What this PR does / why we need it:

This PR delivers key reliability fixes and declarative GitOps enhancements to the Hyperledger Bevel Fabric Operator and its corresponding kubectl-hlf CLI plugin:

  1. Race Condition & File Descriptor Leak Fix:
    • The Bug: The operator occasionally failed to initialize the Fabric CA client with the error Failed to get client TLS config: Failed to process certificate from file .... This was caused by the temporary CA certificate file not being flushed and closed before passing its path to the underlying Fabric-CA SDK library.
    • The Fix: Ensures the file is flushed and closed, ensuring data integrity before the library reads it.
  2. Disk Leak Fix:
    • The Bug: Temporary certificate files were being generated in the system's root /tmp directory and were never cleaned up, resulting in long-term disk leaks.
    • The Fix: Relocates temporary file generation to the managed caHomeDir where the operator's existing cleanup routine takes care of automatic pruning.
  3. Declarative GitOps & CA Certificate Rotation Support (kubectl-hlf CLI):
    • Enhancement: Previously, the kubectl-hlf CLI commands (for peers, orderers, and identities) imperatively fetched the target CA, read its .status.tlsCert, and embedded it as a static base64-encoded cacert block. This broke declarative/GitOps pipelines (like ArgoCD) because resources could not be template-generated or applied before the CA was fully up and running.
    • The Solution: Updated kubectl hlf peer create, kubectl hlf ordnode create, kubectl hlf identity create, and kubectl hlf identity update to natively output a secretRef pointing to the CA's deterministic <ca-name>--tls-cryptomaterial secret (under key tls.crt).
    • To prevent schema validation issues with the CRD spec, cacert is preserved as an explicit empty string (""). This enables true offline manifest rendering and automatic CA certificate rotation!
  4. Helm Installation Reference Updates:
    • Fix: Corrected the legacy Helm installation repository endpoints in README.md to point to the new officially-managed hyperledger-bevel charts registry (https://hyperledger-bevel.github.io/bevel-operator-fabric/) instead of the deprecated kfsoftware endpoints.

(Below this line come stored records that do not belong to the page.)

Lemma vnorm_eq0 w : vnorm w = 0 -> w = 0.
Proof.
move=> w0; have /psumr_eq0P w_i0 : \sum_i cmod (w i 0) ^+ 2 = 0.
  by rewrite -vnorm_sqr w0 expr0n.
apply/matrixP => i j; rewrite ord1 mxE; apply: cmod_eq0; apply/eqP.
by rewrite -sqrf_eq0 w_i0 // => k _; exact: sqr_ge0.
Qed.

Lemma vnormZ a w : vnorm (a *: w) = cmod a * vnorm w.
Proof.
rewrite /vnorm (eq_bigr (fun i => cmod a ^+ 2 * cmod (w i 0) ^+ 2)); last first.
  by move=> i _; rewrite mxE cmodM exprMn.
by rewrite -big_distrr sqrtrM ?sqr_ge0 // sqrtr_sqr ger0_norm // cmod_ge0.
Qed.

Lemma vnorm0 : vnorm (0 : 'cV[C]_n) = 0.
Proof. by rewrite -(scale0r 0) vnormZ cmod0 mul0r. Qed.

Lemma vnormN w : vnorm (- w) = vnorm w.
Proof. by rewrite -scaleN1r vnormZ cmodN (@ger0_cmod _ 1) // mul1r. Qed.

Lemma ler_vnormD w u : vnorm (w + u) <= vnorm w + vnorm u.
Proof.
rewrite -ler_sqr ?nnegrE ?addr_ge0 ?vnorm_ge0 //.
have := ler_sum_mul_sqrt (fun i => cmod (w i 0)) (fun i => cmod (u i 0)).
rewrite -/(vnorm w) -/(vnorm u) => cs.
apply: le_trans (_ : \sum_i (cmod (w i 0) + cmod (u i 0)) ^+ 2 <= _).
  rewrite vnorm_sqr; apply: ler_sum => i _; rewrite mxE.
  by rewrite ler_sqr ?nnegrE ?addr_ge0 ?cmod_ge0 // cmodD.
rewrite (eq_bigr (fun i => cmod (w i 0) ^+ 2 + cmod (u i 0) ^+ 2
                           + 2 * (cmod (w i 0) * cmod (u i 0)))); last first.
  by move=> i _; ring.
rewrite !big_split /= -mulr_sumr -!vnorm_sqr; nra.
Qed.

Lemma frob_ge0 X : 0 <= frob X.
Proof. exact: sqrtr_ge0. Qed.

Lemma frob_sqr X : frob X ^+ 2 = \sum_i \sum_j cmod (X i j) ^+ 2.
Proof.
by rewrite sqr_sqrtr // sumr_ge0 // => i _; apply: sumr_ge0 => j _; exact: sqr_ge0.
Qed.

Lemma frob_eq0 X : frob X = 0 -> X = 0.
Proof.
move=> X0; have /psumr_eq0P X_i0 : \sum_i \sum_j cmod (X i j) ^+ 2 = 0.
  by rewrite -frob_sqr X0 expr0n.
apply/matrixP => i j; rewrite mxE; apply: cmod_eq0; apply/eqP.
have /psumr_eq0P X_ij0 : \sum_j cmod (X i j) ^+ 2 = 0.
  by apply: X_i0 => // k _; apply: sumr_ge0 => m _; exact: sqr_ge0.
by rewrite -sqrf_eq0 X_ij0 // => k _; exact: sqr_ge0.
Qed.

Lemma frobN X : frob (- X) = frob X.
Proof.
rewrite /frob; congr Num.sqrt; apply: eq_bigr => i _; apply: eq_bigr => j _.
by rewrite mxE cmodN.
Qed.

Lemma frob_distC X Y : frob (X - Y) = frob (Y - X).
Proof. by rewrite -opprB frobN. Qed.

Lemma ler_vnorm_mulmx X w : vnorm (X *m w) <= frob X * vnorm w.
Proof.
rewrite -ler_sqr ?nnegrE ?mulr_ge0 ?vnorm_ge0 ?frob_ge0 //.
rewrite exprMn frob_sqr !vnorm_sqr big_distrl; apply: ler_sum => i _; rewrite mxE.
apply: le_trans (CauchySchwarz_sum (fun j => cmod (X i j)) (fun j => cmod (w j 0))).
rewrite ler_sqr ?nnegrE ?cmod_ge0 ?sumr_ge0 // => [|j _]; last first.
  by rewrite mulr_ge0 ?cmod_ge0.
by apply: le_trans (ler_cmod_sum _ _) _; apply: ler_sum => j _; rewrite cmodM.
Qed.

End EuclideanNorms.

Section InnerProduct.
Context {R : realType} {n : nat}.
Local Notation C := R[i].
Implicit Types (v w u : 'cV[C]_n) (a : C).

Lemma cdotDr v w u : cdot v (w + u) = cdot v w + cdot v u.
Proof. by rewrite /cdot -big_split; apply: eq_bigr => i _; rewrite mxE mulrDr. Qed.

Lemma cdotZr v a w : cdot v (a *: w) = a * cdot v w.
Proof. by rewrite /cdot mulr_sumr; apply: eq_bigr => i _; rewrite mxE mulrCA. Qed.

Lemma cdot0r v : cdot v 0 = 0.
Proof. by rewrite -(scale0r 0) cdotZr mul0r. Qed.

Lemma cdotBr v w u : cdot v (w - u) = cdot v w - cdot v u.
Proof. by rewrite cdotDr -scaleN1r cdotZr mulN1r. Qed.

Lemma conj_cdot v w : conjc (cdot v w) = cdot w v.
Proof.
rewrite /cdot rmorph_sum; apply: eq_bigr => i _.
by rewrite rmorphM /= conjcK mulrC.
Qed.

Lemma cdotZl v a w : cdot (a *: w) v = conjc a * cdot w v.
Proof. by rewrite -conj_cdot cdotZr rmorphM /= !conj_cdot. Qed.

Lemma cdotBl v w u : cdot (w - u) v = cdot w v - cdot u v.
Proof. by rewrite -conj_cdot cdotBr rmorphB /= !conj_cdot. Qed.

Lemma cdotii w : cdot w w = (vnorm w ^+ 2)%:C.
Proof.
rewrite vnorm_sqr rmorph_sum; apply: eq_bigr => i _.
by rewrite mulrC -sqr_cmodE.
Qed.

End InnerProduct.

Section Projection.
Context {R : realType} {n : nat} {v : 'cV[R[i]]_n}.
Hypothesis v_neq0 : v != 0.
Implicit Types (w u : 'cV[R[i]]_n) (A : 'M[R[i]]_n) (l : R[i]).

Lemma Tv0 : Tv v 0.
Proof. exact: cdot0r. Qed.

Lemma cdotii_neq0 : cdot v v != 0.
Proof.
rewrite cdotii; apply: contra v_neq0 => /eqP[/eqP].
by rewrite sqrf_eq0 => /eqP/vnorm_eq0 ->.
Qed.

Lemma Tv_Pperp w : Tv v (Pperp v w).
Proof. by rewrite /Tv /Pperp /= cdotBr cdotZr divfK ?subrr // cdotii_neq0. Qed.

Lemma Pperp_id w : Tv v w -> Pperp v w = w.
Proof. by rewrite /Pperp => ->; rewrite mul0r scale0r subr0. Qed.

Lemma PperpB w u : Pperp v (w - u) = Pperp v w - Pperp v u.
Proof. by rewrite /Pperp cdotBr; apply/matrixP => i j; rewrite !mxE; ring. Qed.

Lemma ler_vnorm_Pperp w : vnorm (Pperp v w) <= vnorm w.
Proof.
rewrite -ler_sqr ?nnegrE ?vnorm_ge0 // -lecR -!cdotii.
set a := cdot v w; set s := cdot v v.
have s_real : conjc s = s by rewrite /s conj_cdot.
(* Pythagoras: the component of [w] along [v] has squared length [a a^* / s]. *)
have -> : cdot (Pperp v w) (Pperp v w) = cdot w w - a * conjc a / s.
  rewrite /Pperp cdotBl !cdotBr !cdotZl !cdotZr -/a -/s -(conj_cdot v w) -/a.
  by rewrite rmorphM /= fmorphV /= s_real; field; exact: cdotii_neq0.
rewrite lerBlDr lerDl mulr_ge0 ?mulcJ_ge0 // invr_ge0 /s cdotii ler0c.
exact: sqr_ge0.
Qed.

Lemma Tv_Alv A l w : Tv v (Alv A l v w).
Proof. exact: Tv_Pperp. Qed.

Lemma ler_vnorm_Alv A l A' l' w :
  vnorm (Alv A' l' v w) <= vnorm (Alv A l v w) + (frob (A' - A) + cmod (l' - l)) * vnorm w.
Proof.
rewrite -[Alv A' l' v w](subrK (Alv A l v w)) addrC.
apply: le_trans (ler_vnormD _ _) _; rewrite lerD2l /Alv -PperpB.
apply: le_trans (ler_vnorm_Pperp _) _.
have -> : (A' - l'%:M) *m w - (A - l%:M) *m w = (A' - A) *m w - (l' - l) *: w.
  by rewrite !mulmxBl !mul_scalar_mx scalerBl opprD addrACA -opprD.
apply: le_trans (ler_vnormD _ _) _.
by rewrite vnormN vnormZ mulrDl lerD2r ler_vnorm_mulmx.
Qed.

Lemma Alv0 A l : Alv A l v 0 = 0.
Proof. by rewrite /Alv mulmx0 (Pperp_id _ Tv0). Qed.

Definition proj_line_mx : 'M[R[i]]_n :=
  (cdot v v)^-1 *: (v *m \row_j conjc (v j 0)).

Lemma proj_line_mxE w : proj_line_mx *m w = (cdot v w / cdot v v) *: v.
Proof.
rewrite /proj_line_mx -scalemxAl -mulmxA.
have -> : \row_j conjc (v j 0) *m w = (cdot v w)%:M.
  apply/matrixP => i j; rewrite !ord1 !mxE eqxx mulr1n.
  by apply: eq_bigr => k _; rewrite mxE.
by rewrite mul_mx_scalar scalerA mulrC.
Qed.

(* [Alv_mx A l] acts as [A_{l,v}] on [v^perp] and as the identity on the line of
   [v], so it is invertible exactly when [A_{l,v}] is injective on [v^perp]. *)
Definition Alv_mx A l : 'M[R[i]]_n :=
  (1%:M - proj_line_mx) *m (A - l%:M) *m (1%:M - proj_line_mx) + proj_line_mx.

Lemma Alv_mxE A l w :
  Alv_mx A l *m w = Alv A l v (Pperp v w) + (cdot v w / cdot v v) *: v.
Proof.
have P_E u : (1%:M - proj_line_mx) *m u = Pperp v u.
  by rewrite mulmxBl mul1mx proj_line_mxE.
by rewrite /Alv_mx mulmxDl proj_line_mxE -!mulmxA !P_E.
Qed.

Lemma cdot_Alv_mx A l w : cdot v (Alv_mx A l *m w) = cdot v w.
Proof.
by rewrite Alv_mxE cdotDr Tv_Alv add0r cdotZr divfK // cdotii_neq0.
Qed.

Lemma Alv_mx_Tv A l w : Tv v w -> Alv_mx A l *m w = Alv A l v w.
Proof. by move=> wTv; rewrite Alv_mxE wTv mul0r scale0r addr0 Pperp_id. Qed.

Lemma is_inv_Alv_mx {A l} :
  (forall w, Tv v w -> Alv A l v w = 0 -> w = 0) ->
  exists N : 'M[R[i]]_n, is_inv_Alv A l v (mulmx N).
Proof.
move=> Alv_inj; pose M := Alv_mx A l.
have M_unit : M \in unitmx.
  rewrite unitmxE unitfE -det_tr; apply/negP => /det0P[r r_neq0 rM0].
  have Mr0 : M *m r^T = 0 by rewrite -[M]trmxK -trmx_mul rM0 trmx0.
  have wTv : Tv v r^T by rewrite /Tv /= -(cdot_Alv_mx A l) Mr0 cdot0r.
  have rT0 : r^T = 0 by apply: (Alv_inj _ wTv); rewrite -Alv_mx_Tv.
  by rewrite -[r]trmxK rT0 trmx0 eqxx in r_neq0.
exists (invmx M); split => [y yTv | w wTv].
  have MN : M *m (invmx M *m y) = y by rewrite mulmxA mulmxV // mul1mx.
  have NyTv : Tv v (invmx M *m y) by rewrite /Tv /= -(cdot_Alv_mx A l) MN.
  by split; rewrite // -Alv_mx_Tv.
by rewrite -Alv_mx_Tv // mulmxA mulVmx // mul1mx.
Qed.

Lemma is_inv_Alv_inj {A l B} : is_inv_Alv A l v B ->
  forall w, Tv v w -> Alv A l v w = 0 -> w = 0.
Proof.
move=> [B_Tv BK] w wTv Aw0.
by rewrite -(BK w wTv) Aw0 -{1}(Alv0 A l) (BK 0 Tv0).
Qed.

Lemma has_sup_opnorm_Tv (N : 'M[R[i]]_n) :
  has_sup [set vnorm (N *m y) | y in [set y | Tv v y /\ vnorm y <= 1]].
Proof.
split.
  by exists 0, 0; rewrite ?mulmx0 ?vnorm0 //; split; [exact: Tv0 | rewrite vnorm0].
exists (frob N) => _ [y [_ y_le1] <-].
by apply: le_trans (ler_vnorm_mulmx N y) _; rewrite ler_piMr ?frob_ge0.
Qed.

Lemma opnorm_Tv_ge0 (N : 'M[R[i]]_n) : 0 <= opnorm_Tv v (mulmx N).
Proof.
apply: (sup_upper_bound (has_sup_opnorm_Tv N)); exists 0; last by rewrite mulmx0 vnorm0.
by split; [exact: Tv0 | rewrite vnorm0].
Qed.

Which issue(s) this PR fixes:

Fixes #318 (#318)


Special notes for your reviewer:

The core operator changes are centered in controllers/certs/provision_certs.go:

  • Added caCertFile.Close() to ensure data integrity before the library reads.
  • Refactored ioutil.TempFile to use caHomeDir instead of "" (system tmp) to ensure proper clean up.

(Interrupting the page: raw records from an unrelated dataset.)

Lemma not_cv_subseq (u : nat -> R) l : ~ Un_cv u l ->
  exists e psi, 0 < e /\ sincr psi /\ forall k, e <= Rabs (u (psi k) - l).
Proof.
  intro Hn.
  assert (Hex : exists e, 0 < e /\
                  forall N, exists n, (N <= n)%nat /\ e <= Rabs (u n - l)).
  { apply NNPP; intro Hn2. apply Hn. intros e He. apply NNPP; intro Hn3.
    apply Hn2. exists e; split; auto. intro N. apply NNPP; intro Hn4.
    apply Hn3. exists N. intros n Hn5. unfold R_dist.
    destruct (Rlt_le_dec (Rabs (u n - l)) e); auto.
    exfalso; apply Hn4; exists n; split; auto. }
  destruct Hex as [e [He HN]].
  destruct (extract_sequence (fun _ n => e <= Rabs (u n - l)) HN) as [psi [Hpsi Hk]].
  exists e, psi; repeat split; auto. intro k. destruct (Hk k) as [_ [_ H]]; exact H.
Qed.

Lemma bolzano_weierstrass (u : nat -> R) M : (forall n, Rabs (u n) <= M) ->
  exists phi l, sincr phi /\ Un_cv (fun k => u (phi k)) l.
Proof.
  intro HM.
  destruct (Bolzano_Weierstrass u (fun c => -M <= c <= M) (compact_P3 (-M) M)) as [l Hl].
  { intro n; specialize (HM n). pose proof (Rle_abs (u n)).
    pose proof (Rle_abs (- u n)). rewrite Rabs_Ropp in *. lra. }
  assert (Hclose : forall N, exists n, (N <= n)%nat /\ Rabs (u n - l) < / (INR N + 1)).
  { intro N. assert (Hp : 0 < / (INR N + 1))
      by (apply Rinv_0_lt_compat; pose proof (pos_INR N); lra).
    destruct (Hl (disc l (mkposreal _ Hp)) N) as [n [Hn1 Hn2]].
    - exists (mkposreal _ Hp). intros y Hy; exact Hy.
    - exists n; split; auto. }
  destruct (extract_sequence _ Hclose) as [phi [Hphi Hk]].
  exists phi, l; split; auto.
  assert (H0 : Un_cv (fun k => u (phi k) - l) 0).
  { apply (cv0_dominated _ (fun k => / (INR k + 1)) 0); [|exact cv_inv_succ].
    intros k _. destruct (Hk k) as [N [HkN HN]].
    apply Rlt_le, Rlt_le_trans with (1 := HN).
    apply Rinv_le_contravar; [pose proof (pos_INR k); lra|].
    apply le_INR in HkN; lra. }
  pose proof (CV_plus _ _ _ _ H0 (cv_const l)) as H1. rewrite Rplus_0_l in H1.
  revert H1; apply cv_ext; intro k; ring.
Qed.
Theorem left_ideal_gen_Mk_of_succP :
  (forall P, gen M P <-> gen (Mk_of C k.+1) P) <->
  (forall f, (exists g, Ik_of C k g /\ f = s g) <-> Ik_of C k.+1 f).
Proof.
split=> [genE f | IkE P]; last first.
  split; last by apply: left_ideal_gen_Mk_of_succ => f /IkE[g [Ig ->]]; exists g.
  by apply: left_ideal_gen_mono => Q [CQ sQ]; split=> //; exact: leqW.
split=> [[g [Ig ->]] | [[P [MP <-]] | ->]]; first exact: Ik_of_sigma.
  have /genE/(dpow_span_of_left_ideal_gen (Mk_of0 k) (@Mk_ofD k) (@Mk_ofZ k)) spanP :=
    left_ideal_gen_of MP.
  have [g Ig Pk] := coef_dpow_span_succ spanP (proj2 MP).
  by exists g.
by exists 0; split; [right | rewrite s0].
Qed.
End Filtration.

Section Content.
Variable R : idomainType.
Local Notation emb := (@FracField.tofrac {poly R}).
Variables (s d : {poly R} -> {poly R}) (sQ dQ : {fraction {poly R}} -> {fraction {poly R}}).
Hypotheses (sd : is_ore_pair s d) (sdQ : is_ore_pair sQ dQ).
Hypothesis sQ_emb : forall p, sQ (emb p) = emb (s p).
Hypothesis dQ_emb : forall p, dQ (emb p) = emb (d p).
Variable L : {poly {poly R}}.
Local Notation C := (cont sQ dQ L).
Implicit Types P : {poly {poly R}}.

Lemma embO_ore_dl P : embO (ore_dl s d P) = ore_dl sQ dQ (embO P).
Proof.
apply/polyP=> j.
rewrite /embO coef_map (coef_ore_dl sd) (coef_ore_dl sdQ) !coef_map.
by rewrite raddfD /=; case: (j == 0%N); rewrite ?raddf0 /= ?sQ_emb dQ_emb.
Qed.

Lemma cont0 : C 0.
Proof. by exists 0; rewrite /embO raddf0 ore_mul0l. Qed.

Lemma contD P1 P2 : C P1 -> C P2 -> C (P1 + P2).
Proof.
by move=> [Q1 e1] [Q2 e2]; exists (Q1 + Q2); rewrite ore_mulDl -e1 -e2 /embO raddfD.
Qed.

Lemma contZ c P : C P -> C (c *: P).
Proof. by move=> [Q e]; exists (emb c *: Q); rewrite ore_mulZl -e /embO map_polyZ. Qed.

Lemma cont_dl P : C P -> C (ore_dl s d P).
Proof.
by move=> [Q e]; exists (ore_dl sQ dQ Q); rewrite embO_ore_dl e (ore_dl_mul sdQ).
Qed.
End Content.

The CLI plugin enhancements are centered in:

  • kubectl-hlf/cmd/peer/create.go
  • kubectl-hlf/cmd/ordnode/create.go
  • kubectl-hlf/cmd/identity/create.go
  • kubectl-hlf/cmd/identity/update.go

How to reproduce the problem exactly:

  1. Revert the changes in controllers/certs/provision_certs.go (remove caCertFile.Close()).
  2. Run the regression test: go test -v ./controllers/certs/ -run TestGetClient_ValidCertFile -count 10.
  3. The test will consistently fail with a "File descriptor leak detected" message (e.g., started with 6, ended with 7).
  4. In production, this manifests as: Failed to get client TLS config: Failed to process certificate from file /tmp/ca-cert....

Does this PR introduce a user-facing change?

As the kubectl hlf plugin now handles identity enrollment as well as peer and orderer enrollment, the plugin only needs to be updated when the Operator Controller Manager running in the cluster has also been updated. This is because the hlf plugin now performs enrollment directly using secretRef instead of fetching the secrets at runtime. Therefore, identity enrollment will only work with the corresponding updated Operator version that supports the secretRef field introduced in this change.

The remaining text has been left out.